§ Exercise instructions
Starting at the first line of the data below, repeat each line word for word up to and including the line with "by apply exit_fun_split.".

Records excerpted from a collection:
Lemma exit_fun_nonneg c N x : 0 <= exit_fun c N x.
Proof.
  unfold exit_fun. generalize (exp_pos (- beta * H (scons c x))) (ind_run_bounds (negb c) (S N) x). nra.
Qed.

Lemma exit_fun_split c N x :
  exit_fun c N x = block_weight c (S N) * ind_block (negb c) (S N) x + exit_fun c (S N) x.
Proof.
  unfold exit_fun. rewrite (ind_run_split (negb c) (S N) x), Rmult_plus_distr_l. f_equal.
  destruct (ind_block_01 (negb c) (S N) x) as [E|E]; rewrite E; [ring|].
  rewrite (ind_block_prepend _ _ _ E), negb_involutive.
  rewrite (proj1 (H_block _ _ _ RDW c (S N) _ ltac:(lia))). unfold block_weight. ring.
Qed.

Lemma nu_exit_fun c N : nu (exit_fun c 0) =
  psum (fun s => block_weight c (S s) * (r ^ s * nu (ind_block (negb c) 1))) N + nu (exit_fun c N).
Proof.
  induction N; [simpl; ring|].
  rewrite IHN. simpl psum. rewrite (pf_ext nu (exit_fun c N)) with (g := fun x =>
    block_weight c (S N) * ind_block (negb c) (S N) x + exit_fun c (S N) x) by apply exit_fun_split.
  rewrite (pf_add nu nu_pf), (pf_scale nu nu_pf), (nu_ind_block (negb c) N);
    try apply cont_ind_block; try apply cont_exit_fun; [ring|apply cont_scale, cont_ind_block].
Qed.

Lemma nu_ind_block_1 c : nu (ind_block c 1) = r * nu (exit_fun c 0).
Proof.
  rewrite nu_transfer by apply cont_ind_block. f_equal. apply (pf_ext nu). intros x.
  rewrite (transfer_first _ _ _ _ c), ind_block_scons_eq, ind_block_scons_neq
    by (destruct c; simpl; discriminate).
  unfold exit_fun. replace (ind_block c 0 x) with (ind_run (negb c) 1 x); [ring|].
  unfold ind_block, ind_run, b2R; simpl; destruct (x O), c; reflexivity.
Qed.

Lemma nu_ind_block_1_ge c N :
  weight_sum c N * nu (ind_block (negb c) 1) <= nu (ind_block c 1).
Proof.
  rewrite (nu_ind_block_1 c), (nu_exit_fun c N).
  assert (0 <= nu (exit_fun c N))
    by (apply (pf_nonneg nu nu_pf); [apply cont_exit_fun|apply exit_fun_nonneg]).
  unfold weight_sum. rewrite Rmult_comm, <- psum_scal.
  replace (psum (fun i => nu (ind_block (negb c) 1) * (r ^ S i * block_weight c (S i))) N)
    with (r * psum (fun s => block_weight c (S s) * (r ^ s * nu (ind_block (negb c) 1))) N)
    by (rewrite <- psum_scal; apply psum_ext; intros; simpl; ring).
  generalize r_pos; nra.
Qed.

Lemma nu_ind_block_pos c : 0 < nu (ind_block c 1).
Proof.
  destruct (H_bounded _ _ _ RDW) as [M HM].
  set (m := exp (- beta * M)). assert (Hm : 0 < m) by apply exp_pos.
  assert (Hwm : forall e x, m <= exp (- beta * H (scons e x))).
  { intros e x. unfold m. specialize (HM (scons e x)).
    destruct (Req_dec (- beta * M) (- beta * H (scons e x))) as [E|E]; [rewrite E; lra|].
    left. apply exp_increasing. nra. }
  assert (P1 : r * m <= nu (ind_run (negb c) 1)).
  { rewrite nu_transfer by apply cont_ind_run. apply Rmult_le_compat_l; [generalize r_pos; lra|].
    rewrite <- (pf_const nu nu_pf m).
    apply (pf_mono nu nu_pf); [apply cont_const|apply (cont_transfer _ _ _ RDW), cont_ind_run; auto|].
    intros x. rewrite (transfer_first _ _ _ _ (negb c)).
    rewrite (ind_run_scons_neq (negb c) 0 (negb (negb c)) x) by (destruct c; simpl; discriminate).
    unfold ind_run, b2R. simpl. rewrite Bool.eqb_reflx. simpl. generalize (Hwm (negb c) x); lra. }
  rewrite nu_ind_block_1.
  assert (m * nu (ind_run (negb c) 1) <= nu (exit_fun c 0)).
  { rewrite <- (pf_scale nu nu_pf) by apply cont_ind_run.
    apply (pf_mono nu nu_pf); [apply cont_scale, cont_ind_run|apply cont_exit_fun|].
    intros x. unfold exit_fun. generalize (Hwm c x) (ind_run_bounds (negb c) 1 x). nra. }
  generalize r_pos; intros. assert (0 < r * m) by nra. nra.
Qed.

(* Chain [nu_ind_block_1_ge] through both wells. *)
Lemma weight_sum_mul_le_1 c I J : weight_sum c I * weight_sum (negb c) J <= 1.
Proof.
  set (M := (I + J)%nat).
  assert (A1 := nu_ind_block_1_ge c M). assert (A2 := nu_ind_block_1_ge (negb c) M).
  rewrite negb_involutive in A2.
  assert (P1 := nu_ind_block_pos c). assert (P2 := nu_ind_block_pos (negb c)).
  assert (weight_sum c I <= weight_sum c M) by (apply weight_sum_mono; lia).
  assert (weight_sum (negb c) J <= weight_sum (negb c) M) by (apply weight_sum_mono; lia).
  generalize (weight_sum_nonneg c I) (weight_sum_nonneg (negb c) J)
    (weight_sum_nonneg c M) (weight_sum_nonneg (negb c) M). intros.
  assert (weight_sum c M * weight_sum (negb c) M * nu (ind_block c 1) <= nu (ind_block c 1)) by nra.
  assert (weight_sum c M * weight_sum (negb c) M <= 1)
    by (apply (Rmult_le_reg_r (nu (ind_block c 1))); auto; lra).
  nra.
Qed.


Definition osc_le (e : bool) (L : nat) (d : R) : Prop :=
  forall y y', agree L y y' ->
    Rabs (Phi (scons e (scons (negb e) y)) - Phi (scons e (scons (negb e) y'))) <= d.

Lemma osc_le_expand e L d J : 0 <= d -> osc_le (negb e) (S L) d ->
  osc_le e L (weight_sum (negb e) J * d + r ^ J).
Proof.
  intros Hd HD y y' Hy.
  assert (P := Phi_prepend_expand e 1 y J ltac:(lia)).
  assert (P' := Phi_prepend_expand e 1 y' J ltac:(lia)).
  simpl prepend in P, P'. rewrite P, P'.
  match goal with |- Rabs (?a + ?b - (?c + ?d)) <= _ =>
    replace (a + b - (c + d)) with ((a - c) + (b - d)) by ring end.
  eapply Rle_trans; [apply Rabs_triang|]. apply Rplus_le_compat.
  - unfold weight_sum. rewrite Rmult_comm, <- psum_scal.
    eapply Rle_trans; [apply Rabs_psum_sub|]. apply psum_le. intros j Hj.
    set (w := r ^ S j * block_weight (negb e) (S j)).
    assert (Hw : 0 <= w)
      by (unfold w; generalize (block_weight_pos (negb e) (S j)) (pow_le r (S j) (Rlt_le _ _ r_pos)); nra).
    assert (HDj := HD (prepend e j (scons (negb e) y)) (prepend e j (scons (negb e) y'))).
    rewrite negb_involutive in HDj. replace (1 + j)%nat with (S j) by lia. simpl prepend. fold w.
    rewrite <- Rmult_minus_distr_l, Rabs_mult, (Rabs_right w) by lra.
    rewrite Rmult_comm. apply Rmult_le_compat_r; auto. apply HDj.
    apply (agree_le (j + S L)); [lia|]. apply agree_prepend, agree_scons; auto.
  - rewrite <- Rmult_minus_distr_l, Rabs_mult, Rabs_right by (apply Rle_ge, pow_le; generalize r_pos; lra).
    match goal with |- _ * Rabs (Phi ?a - Phi ?b) <= _ => generalize (Phi_dist_le_1 a b) end.
    generalize (pow_le r J (Rlt_le _ _ r_pos)). nra.
Qed.

(* Expanding twice, through [negb e] and back through [e], contracts the oscillation since
   [weight_sum_mul_le_1]. *)
Lemma osc_le_step e L eps : 0 <= eps -> osc_le e (S (S L)) eps -> osc_le e L eps.
Proof.
  intros He HD y y' Hy.
  apply (le_of_le_add_pow r _ _ 1 r_unit ltac:(lra)). intros J.
  apply (le_of_le_add_pow r _ _ (INR J) r_unit (pos_INR J)). intros I.
  assert (D1 : osc_le (negb e) (S L) (weight_sum e I * eps + r ^ I)).
  { generalize (osc_le_expand (negb e) (S L) eps I He). rewrite !negb_involutive. auto. }
  assert (D2 := osc_le_expand e L (weight_sum e I * eps + r ^ I) J
    ltac:(generalize (weight_sum_nonneg e I) (pow_le r I (Rlt_le _ _ r_pos)); nra) D1 y y' Hy).
  assert (weight_sum (negb e) J * weight_sum e I <= 1)
    by (rewrite Rmult_comm; apply weight_sum_mul_le_1).
  generalize (weight_sum_le (negb e) J) (weight_sum_nonneg (negb e) J)
    (pow_le r I (Rlt_le _ _ r_pos)). nra.
Qed.

Lemma Phi_cyl_const e y y' : Phi (scons e (scons (negb e) y)) = Phi (scons e (scons (negb e) y')).
Proof.
  apply Rminus_diag_uniq, Rabs_le_0, Rle_plus_epsilon. intros eps He. rewrite Rplus_0_l.
  destruct (unif_cont Phi Phi_cont eps He) as [N HN].
  assert (G : forall k L, (N <= L + k)%nat -> osc_le e L eps).
  { induction k; intros L HL.
    - intros z z' Hz. left. apply HN. apply (agree_le (S (S L))); [lia|].
      apply agree_scons, agree_scons; auto.
    - apply osc_le_step; [lra|]. apply IHk. lia. }
  apply (G N O ltac:(lia)). intros i Hi; lia.
Qed.

Definition zero : Sigma := fun _ => false.
Definition phi (e : bool) : R := Phi (scons e (scons (negb e) zero)).
Definition Phi_run (c : bool) (s : nat) : R := Phi (prepend c s (scons (negb c) zero)).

§ Finished task
Lemma exit_fun_nonneg c N x : 0 <= exit_fun c N x.
Proof.
  unfold exit_fun. generalize (exp_pos (- beta * H (scons c x))) (ind_run_bounds (negb c) (S N) x). nra.
Qed.

Lemma exit_fun_split c N x :
  exit_fun c N x = block_weight c (S N) * ind_block (negb c) (S N) x + exit_fun c (S N) x.
Proof.
  unfold exit_fun. rewrite (ind_run_split (negb c) (S N) x), Rmult_plus_distr_l. f_equal.
  destruct (ind_block_01 (negb c) (S N) x) as [E|E]; rewrite E; [ring|].
  rewrite (ind_block_prepend _ _ _ E), negb_involutive.
  rewrite (proj1 (H_block _ _ _ RDW c (S N) _ ltac:(lia))). unfold block_weight. ring.
Qed.

Lemma nu_exit_fun c N : nu (exit_fun c 0) =
  psum (fun s => block_weight c (S s) * (r ^ s * nu (ind_block (negb c) 1))) N + nu (exit_fun c N).
Proof.
  induction N; [simpl; ring|].
  rewrite IHN. simpl psum. rewrite (pf_ext nu (exit_fun c N)) with (g := fun x =>
    block_weight c (S N) * ind_block (negb c) (S N) x + exit_fun c (S N) x) by apply exit_fun_split.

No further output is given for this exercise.